Thinking in Uncertainty
Transpose: Software Engineering to Data Science
Preface
Who this book is for
You’ve been asked to evaluate a model someone built. Or review a data pipeline PR. Or sit in a meeting where someone says “statistically significant” and you’re not sure whether they’re right. You’re a software engineer — you can build systems, debug code, and reason about complexity — but nobody taught you how to think statistically.
Now you want, or need, to understand data science. Not as a tourist, but with genuine depth.
Most data science resources either assume you have a statistics background and skip the engineering, or assume you have no technical background at all and waste your time explaining what a function is. This book does neither. It starts from what you already know and builds the statistical and analytical thinking you need to work confidently with data.
I wrote this book while making the same transition. The moments where I was confused, where something finally clicked, and where textbooks assumed knowledge I didn’t have — those are all captured in Author’s Note callouts throughout the chapters. The goal is to give you the guide I wish I’d had: rigorous enough to be trustworthy, practical enough to be useful, and honest about where things are genuinely hard.
What this book covers
The book is organised in five parts, each building on the last:
Part 1: Foundations rewires your thinking from deterministic to probabilistic. You’ll learn distributions, descriptive statistics, and probability — the grammar of uncertainty — with every concept grounded in something you already know from engineering.
Part 2: Inference gives you the tools to draw conclusions from data: hypothesis testing, confidence intervals, A/B testing, and Bayesian inference. This is where you stop guessing and start quantifying.
Part 3: Modelling covers the algorithms — linear and logistic regression, regularisation, tree-based models, dimensionality reduction, clustering, and time series. Each one is taught as a tool with trade-offs, not magic.
Part 4: Engineering for Data Science is where your existing skills become a superpower. Reproducibility, data pipelines, MLOps, scaling, and testing — applied to data science workflows.
Part 5: Applied Data Science puts everything together on real industry problems: churn prediction, recommendation systems, demand forecasting, fraud detection, NLP, and computer vision.
Four appendices provide supporting material: a mathematical foundations refresher, a concept bridge mapping SE terms to DS terms, a reading list, and answers to all chapter exercises.
This is not a deep learning book — there are no neural network architectures or GPU training pipelines. It is not a “learn Python” book — Python fluency is assumed. And it is not a proof-based statistics textbook — the treatment is computational and applied, aimed at building working understanding rather than mathematical formalism.
How this book works
Throughout the book, you’ll find two types of callout that bridge the gap between engineering and statistics:
These connect a data science concept to something you already understand from software engineering. For example: a data-generating process is like an API you can call but whose source code you can’t read — you observe the responses and reverse-engineer the logic. Where the analogy breaks down, we say so.
These capture honest reflections on the learning journey — moments of confusion, what finally made something click, and the gap between what textbooks assume and what engineers actually need. They are not performative humility; they are the notes I wish someone had left for me.

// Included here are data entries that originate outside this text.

Section StrategicResponse.
Variables (R : realType) (d : nat) (nrm : 'rV[R]_d -> R) (c : R)
  (v : 'rV[R]_d -> 'rV[R]_d) (lab : 'rV[R]_d -> bool).
Hypotheses (nrm_norm : is_norm nrm) (c_gt0 : 0 < c) (v_sel : is_selection nrm v).
Implicit Types (A y : 'rV[R]_d) (b : R).

Lemma dualn0 : dualn nrm 0 = 0.
Proof.
apply: sup_eq_max; first by exists 0; rewrite /= ?(nrm0 nrm_norm) ?ler01 ?dotv0l.
by move=> _ [w _ <-]; rewrite dotv0l.
Qed.

Lemma dualn_sel y : y != 0 -> dualn nrm y = dotv y (v y).
Proof.
move=> y0; case: v_sel => _ /(_ y y0) [v_le1 v_max] _.
by apply: sup_eq_max; [exists (v y) | move=> _ [w /v_max le_w <-]].
Qed.

Lemma dualn_gt0 y : y != 0 -> 0 < dualn nrm y.
Proof.
move=> y0; rewrite dualn_sel //; case: v_sel => _ /(_ y y0) [_ v_max] _.
case: nrm_norm => _ _ nrmZ _; have ny_gt0 := nrm_gt0 nrm_norm y0.
have unit_le1 : nrm ((nrm y)^-1 *: y) <= 1.
  by rewrite nrmZ ger0_norm ?invr_ge0 ?(ltW ny_gt0) // mulVf ?gt_eqF.
apply: lt_le_trans (v_max _ unit_le1).
by rewrite dotvZr mulr_gt0 ?invr_gt0 ?dotv_gt0.
Qed.

Lemma dotv_sel_shift y A (z : R) : y != 0 ->
  dotv y (A + z *: v y) = dotv y A + z * dualn nrm y.
Proof. by move=> y0; rewrite dualn_sel // !(dotvC y) dotvDl dotvZl. Qed.

Lemma proxy_shift A y b :
  exists z, `|z| <= 2 / c /\ proxy nrm c v lab A y b = A + z *: v y.
Proof.
have two_c_gt0 : 0 < 2 / c by rewrite divr_gt0.
have no_shift : exists z, `|z| <= 2 / c /\ A = A + z *: v y.
  by exists 0; rewrite normr0 scale0r addr0 ltW.
rewrite /proxy /in_range; case: eqP => [_|_]; first exact: no_shift.
set S := dotv y A + b; set δ := dualn nrm y.
case: ifP => [/andP [S_ge0 S_lt]|_]; last exact: no_shift.
by case: (lab A); [exists (2 / c - S / δ) | exists (- (S / δ))];
  rewrite ?scaleNr; split=> //; rewrite ler_norml; lra.
Qed.

Lemma mistake_margin A y b : mistake nrm c v lab A y b ->
  ell lab A * (dotv y (proxy nrm c v lab A y b) + b) <= 0.
Proof.
rewrite /mistake /predl /resp /proxy /ell /sgn.
have [->|y0] := eqVneq y 0.
  rewrite dualn0 dotv0l mulr0 mul0r subr0 add0r.
  by case: (lab A); case: (lerP 0 b) => b_sgn; rewrite ?eqxx //= => _; lra.
have δ_gt0 := dualn_gt0 y0.
set S := dotv y A + b; set δ := dualn nrm y.
case: (boolP (in_range nrm c A y b)) => [|out_range].
  rewrite /in_range -/S -/δ => /andP [S_ge0 S_lt].
  (* The agent moves exactly onto the boundary, where sgn 0 = +1; so only a
     negative agent is a mistake, and its proxy lies on the hyperplane. *)
  have on_boundary : dotv y (A + (2 / c - S / δ) *: v y) + b - 2 * δ / c = 0.
    by rewrite dotv_sel_shift // /S /δ; field; rewrite (gt_eqF c_gt0) (gt_eqF δ_gt0).
  rewrite on_boundary lexx; case: (lab A); rewrite ?eqxx // => _.
  rewrite -scaleNr dotv_sel_shift // -/δ.
  have -> : dotv y A + - (S / δ) * δ + b = 0 by rewrite /S /δ; field; rewrite (gt_eqF δ_gt0).
  by rewrite mulr0.
move: out_range; rewrite /in_range -/S -/δ ler_pdivlMr // mul0r ltr_pdivrMr //.
rewrite negb_and -ltNge -leNgt [2 * δ / c]mulrAC.
have two_c_gt0 : 0 < 2 / c * δ by rewrite mulr_gt0 ?divr_gt0.
by case: (lab A); case: (lerP 0 S); case: (lerP 0 (S - 2 / c * δ)); rewrite ?eqxx //= => *; lra.
Qed.

Lemma norm2_proxy_le A y b (D C : R) : norm2 A <= D ->
  (forall y', norm2 (v y') <= C) -> norm2 (proxy nrm c v lab A y b) <= D + 2 / c * C.
Proof.
move=> A_le v_le; have [z [z_le ->]] := proxy_shift A y b.
apply: le_trans (norm2D_le _ _) _; rewrite norm2Z lerD //.
by apply: ler_pM; rewrite ?normr_ge0 ?norm2_ge0.
Qed.

Lemma norm2_selection_bounded : has_ubound [set norm2 (v y) | y in [set: 'rV[R]_d]].
Proof.
have [M ball_le] := nrm_ball_bounded nrm_norm.
exists (Num.sqrt (d%:R * M ^+ 2)) => _ [y _ <-].
have v_le1 : nrm (v y) <= 1.
  have [->|y0] := eqVneq y 0; last by case: v_sel => _ /(_ y y0) [].
  by case: v_sel => -> _ _; rewrite (nrm0 nrm_norm) ler01.
have M_ge0 : 0 <= M := le_trans (normr_ge0 _) (ball_le _ v_le1).
rewrite /norm2 ler_sqrt ?mulr_ge0 ?ler0n ?sqr_ge0 //.
apply: le_trans (_ : \sum_(i < d) M ^+ 2 <= _); last by rewrite sumr_const card_ord mulr_natl.
apply: ler_sum => i _; rewrite -expr2 -real_normK ?num_real // lerXn2r ?nnegrE ?normr_ge0 //.
exact: le_trans (row_coord_le_norm _ _) (ball_le _ v_le1).
Qed.

End StrategicResponse.

Section ProjectedPerceptron.
Variables (R : realType) (d : nat) (nrm : 'rV[R]_d -> R) (c : R)
  (v : 'rV[R]_d -> 'rV[R]_d) (lab : 'rV[R]_d -> bool).
Hypotheses (nrm_norm : is_norm nrm) (c_gt0 : 0 < c) (v_sel : is_selection nrm v).
Variables (D C : R).
Hypothesis v_le : forall y, norm2 (v y) <= C.
Let K := (D + 2 / c * C) ^+ 2 + 1.

Lemma pre_update_bounds (A : 'rV[R]_d) (q u : 'rV[R]_d * R) : norm2 A <= D ->
  let m := mistake nrm c v lab A q.1 q.2 in
  let z := pre_update nrm c v lab 1 A q in
  pdot q u + (if m then 1 - hinge u (xi nrm c v lab A q.1 q.2) (ell lab A) else 0) <= pdot z u
  /\ pdot z z <= pdot q q + (if m then K else 0).
Proof.
move=> A_le m z; rewrite /z /pre_update -/m; case: ifP => mis; last by rewrite !addr0.
set s := xi nrm c v lab A q.1 q.2; set l := ell lab A.
have -> : (q.1 + (1 * l) *: s.1, q.2 + 1 * l * s.2) = q + l *: s by rewrite !mul1r.
have l_sqr : l ^+ 2 = 1 by rewrite /l /ell; case: (lab A); rewrite ?sqrrN expr1n.
have cross_le0 : l * pdot q s <= 0 by rewrite /pdot mulr1; exact: mistake_margin.
have s_le : pdot s s <= K.
  have s1_le : norm2 s.1 <= D + 2 / c * C by exact: norm2_proxy_le.
  rewrite /pdot mulr1 lerD2r -norm2_sqr lerXn2r ?nnegrE ?norm2_ge0 //.
  exact: le_trans (norm2_ge0 _) s1_le.
rewrite pdotDl pdotZl pdot_sqrD pdotZr pdot_sqrZ l_sqr mul1r; split.
  have : 1 - l * pdot u s <= hinge u s l by rewrite /hinge le_max lexx orbT.
  by rewrite pdotC; lra.
lra.
Qed.

Lemma mistakesS T (A : nat -> 'rV[R]_d) (q : nat -> 'rV[R]_d * R) :
  mistakes nrm c v lab T.+1 A q = mistakes nrm c v lab T A q ++
    (if mistake nrm c v lab (A T.+1) (q T.+1).1 (q T.+1).2 then [:: T.+1] else [::]).
Proof. by rewrite /mistakes -[T.+2]addn1 iotaD filter_cat /= add0n; case: ifP. Qed.

(* q_(T+1) is not part of the run, so the invariant is stated for the last
   point before projection. *)
Lemma perceptron_potential L T (A : nat -> 'rV[R]_d) (q : nat -> 'rV[R]_d * R) u :
  closed_convex_cone L -> is_projected_perceptron nrm c v lab L 1 T A q -> L u ->
  (forall t, (t <= T)%N -> norm2 (A t) <= D) ->
  let M := mistakes nrm c v lab T A q in
  let z := pre_update nrm c v lab 1 (A T) (q T) in
  \sum_(t <- M) (1 - hinge u (xi nrm c v lab (A t) (q t).1 (q t).2) (ell lab (A t)))
    <= pdot z u /\ pdot z z <= (size M)%:R * K.
Proof.
move=> L_cone [q0 q_proj] Lu A_le; elim: T q_proj A_le => [|T IH] q_proj A_le /=.
  have := pre_update_bounds (q 0%N) u (A_le 0%N isT).
  rewrite /mistakes /= q0 !pdot0l add0r.
  by case: ifP => _; rewrite ?big_cons big_nil ?addr0 ?q0 ?mul1r ?mul0r ?add0r.
have [z_u z_z] := IH (fun t lt_t => q_proj t (ltnW lt_t)) (fun t le_t => A_le t (leqW le_t)).
have [p_u p_p] := is_proj_cone L_cone (q_proj T (ltnSn T)) Lu.
have [zS_u zS_z] := pre_update_bounds (q T.+1) u (A_le T.+1 (leqnn _)).
rewrite mistakesS big_cat size_cat natrD /=; move: zS_u zS_z.
case: ifP => _; rewrite ?big_cons big_nil ?addr0 /= => zS_u zS_z; split; lra.
Qed.

End ProjectedPerceptron.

Every concept follows the same rhythm: intuition first, then the mathematics, then executable code that makes it concrete. Formulae are always paired with a plain-English interpretation or a Python equivalent (often both). Mathematical notation is introduced gradually — if you haven’t seen Greek letters since university, the mathematical foundations appendix has a refresher.
You’ll notice that every chart in this book is accompanied by the code that produced it. This is deliberate. I made the decision to retain the code as part of the explanation. Data science is a practice, not just a theory, and the code shows you how that practice works: which library calls produce which results, what parameters matter, and how to go from a statistical concept to a working implementation. When you encounter a similar problem in your own work, the code is there as a reference you can adapt.
What you’ll need
Python proficiency is assumed — we won’t explain list comprehensions or how pip install works. The code uses the standard data science stack: numpy, pandas, scipy, scikit-learn, matplotlib, and seaborn.
Basic maths at the level of a first-year undergraduate course — enough to recognise a derivative, a summation, or a matrix multiplication, even if the details are rusty. The mathematical foundations appendix covers everything you’ll need.
No prior statistics or probability training. That is what this book provides, from first principles.
Running the code
All code examples are executable Python, designed to run in a Jupyter environment. You can install the dependencies with:
pip install -r requirements.txtThe complete source for this book, including all executable notebooks, is available at the GitHub repository. Found an error? Have a better analogy? Issues and pull requests are welcome.
Getting started
The book is designed to be read in order — each chapter builds on the last. If you want a preview of how familiar territory fits in, glance at the chapter titles in Part 4; then start at Part 1 for the statistical foundations that make everything else click.